This trial is designed to find the highest possible safe dose of T-regs in immune suppressed patients undergoing a double umbilical cord blood transplant for leukemia, other blood cancer, or bone marrow failure. From data in animal models, University researchers believe there will be no acute side effects with the T-regs.

If the data in humans mimics animal models, T-regs will be a powerful therapy to prevent GVHD and enhance engraftment in transplant patients. Once safety and efficacy data are known, researchers hope to test T-regs for treatment of various autoimmune diseases, such as type I diabetes and multiple sclerosis.
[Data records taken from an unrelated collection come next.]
Lemma lower_bound_instance (A : online_alg) (r d q L : nat) (p : R) :
  valid_alg A -> 1 <= p -> (1 <= q)%nat -> INR q <= p -> (2 ^ q <= r)%nat ->
  (2 * 2 ^ L <= d)%nat -> (q * 2 ^ L <= d)%nat ->
  exists (m : nat) (P : nat -> nat -> R) (pv : nat -> R) (cs : list cover),
    (forall k i, (k < r)%nat -> (i < m)%nat -> is01 (P k i)) /\
    (forall k, (k < r)%nat -> 0 < pv k) /\
    (forall k, (k < r)%nat -> (supp_size m (P k) <= d)%nat) /\
    (forall cv, In cv cs ->
       (forall i, (i < m)%nat -> is01 (fst cv i)) /\ 0 < snd cv /\
       (1 <= supp_size m (fst cv) <= d)%nat) /\
    exists xstar : nat -> R,
      (forall i, (i < m)%nat -> 0 <= xstar i) /\
      (forall cv, In cv cs -> covers m cv xstar) /\
      0 < lp_obj p m r P pv xstar <= 2 /\
      INR q * INR L / 4 <= lp_obj p m r P pv (A m r P pv cs).
Proof.
  intros HA Hp Hq Hqp Hqr Hd Hqd.
  destruct (tournament A HA r d (fun _ => 1) (2 ^ q) q L Hd q (le_n q) [] 0 ltac:(lia))
    as (cs & w & xs & Hw & Hcs & Hxs & Hcov & Hload & Hon).
  set (B := (q * 2 ^ L)%nat) in *; set (M := (2 ^ q)%nat) in *; set (m := (M * B)%nat) in *.
  assert (HM : (2 <= M)%nat) by (apply (Nat.pow_le_mono_r 2 1 q); lia).
  simpl app in Hon.
  exists m, (block_rows B), (fun _ => 1), cs.
  split; [intros; apply indicator_01|].
  split; [intros; lra|].
  split; [intros k _; change (block_rows B k) with (indicator (k * B) B);
          rewrite supp_size_indicator; lia|].
  split; [intros cv Hcv; destruct (Hcs cv Hcv) as (H01 & H1 & Hsupp); rewrite H1; auto with real|].
  exists xs; split; [auto|]; split; [assumption|].
  rewrite !lp_obj_unit_bounds.
  assert (Hopt : forall k, 0 <= load m (block_rows B) xs k <= 1)
    by (intros k; rewrite Hload; apply indicator_sub_unitv_bounds; lia).
  split; [split|].
  - set (l := if (w =? 0)%nat then 1%nat else 0%nat).
    assert (Hl : (l < M)%nat /\ l <> w) by (unfold l; destruct (Nat.eqb_spec w 0); lia).
    apply Rlt_le_trans with (load m (block_rows B) xs l).
    + rewrite Hload, indicator_in by lia; unfold unitv.
      destruct (Nat.eqb_spec l w); [lia|lra].
    + apply lp_norm_ge_coord; [lra | apply Hopt | lia].
  - apply Rle_trans with (rpow (INR M) (/ p)).
    + apply lp_norm_le_card; [lra | assumption |].
      intros k Hk; rewrite Hload, indicator_out by lia.
      unfold unitv; destruct (Nat.eqb_spec k w); lia || lra.
    + unfold M; rewrite pow_INR; apply rpow_pow2_inv_le; lra.
  - apply Rle_trans with (load m (block_rows B) (A m r (block_rows B) (fun _ => 1) cs) w).
    + unfold load; rewrite (rsum_indicator m (w * B) B) by (unfold m; nia).
      exact Hon.
    + apply lp_norm_ge_coord; [lra | | lia].
      intros k; apply rsum_nonneg; intros i Hi; apply Rmult_le_pos.
      * destruct (indicator_01 (k * B) B i) as [E|E]; unfold block_rows; lra.
      * apply (play_nonneg A HA); assumption.
Qed.

(** * Choice of the parameters *)

Lemma ln_le x y : 0 < x -> x <= y -> ln x <= ln y.
Proof.
  intros Hx Hxy; destruct (Rle_lt_or_eq_dec x y Hxy) as [H| ->];
    [left; now apply ln_increasing | lra].
Qed.

Lemma exp_le x y : x <= y -> exp x <= exp y.
Proof.
  intros H; destruct (Rle_lt_or_eq_dec x y H) as [H'| ->];
    [left; now apply exp_increasing | lra].
Qed.

Lemma nat_floor x : 0 <= x -> exists n : nat, INR n <= x < INR n + 1.
Proof.
  intros Hx.
  assert (HN : exists N : nat, x < INR N).
  { destruct (archimed x) as [H _]; exists (Z.to_nat (up x)).
    rewrite INR_IZR_INZ, Z2Nat.id; [lra|]; apply le_IZR; lra. }
  destruct HN as [N HN]; induction N as [|N IH]; [simpl in HN; lra|].
  destruct (Rlt_dec x (INR N)) as [H|H]; [now apply IH|].
  exists N; rewrite S_INR in HN; lra.
Qed.

Lemma ln_2_lt_1 : ln 2 < 1.
Proof.
  rewrite <- (ln_exp 1); apply ln_increasing; [lra|].
  pose proof (exp_ineq1 1 ltac:(lra)); lra.
Qed.

Lemma Rpower2_le_exp (x : R) : 0 <= x -> Rpower 2 x <= exp x.
Proof.
  intros Hx; unfold Rpower; apply exp_le.
  pose proof ln_2_lt_1; rewrite <- (Rmult_1_r x) at 2; apply Rmult_le_compat_l; lra.
Qed.

Lemma choose_exponent (r : nat) (p : R) :
  1 <= p -> p <= ln (INR r) ->
  exists q : nat, (1 <= q)%nat /\ p / 2 <= INR q <= p /\ (2 ^ q <= r)%nat.
Proof.
  intros Hp Hpr.
  assert (Hr : 0 < INR r).
  { destruct r; [|apply lt_0_INR; lia]. simpl in Hpr; unfold ln in Hpr.
    destruct (Rlt_dec 0 0); lra. }
  destruct (nat_floor p) as [q [Hq1 Hq2]]; [lra|].
  assert (Hq : (1 <= q)%nat) by (destruct q; [simpl in Hq2; lra | lia]).
  pose proof (le_INR 1 q Hq).
  exists q; split; [assumption|]; split; [simpl in *; lra|].
  apply INR_le; rewrite pow_INR, <- Rpower_pow by (simpl; lra); simpl INR.
  rewrite <- (exp_ln (INR r)) by assumption.
  apply Rle_trans with (exp (INR q)); [apply Rpower2_le_exp, pos_INR | apply exp_le; lra].
Qed.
University researchers hypothesize that if T-regs are transplanted early in the life of the disease, the cells may help prevent disease progression.

This is an exciting time. In the near future, I anticipate being able to combine immune cell populations, like T-regs, that stop immune reactions responsible for autoimmune diseases like diabetes, and immune responses to stem cell infusion given to repair already damaged tissues. This brings great hope not only for adults and children with cancer but many other diseases as well. At the close of this clinical trial, we hope to go right to our first clinical trial with T-regulatory cells in the treatment of newly diagnosed diabetes, said John E. Wagner, M.D., director of the pediatric hematology-oncology and blood and marrow transplantation program at the University of Minnesota.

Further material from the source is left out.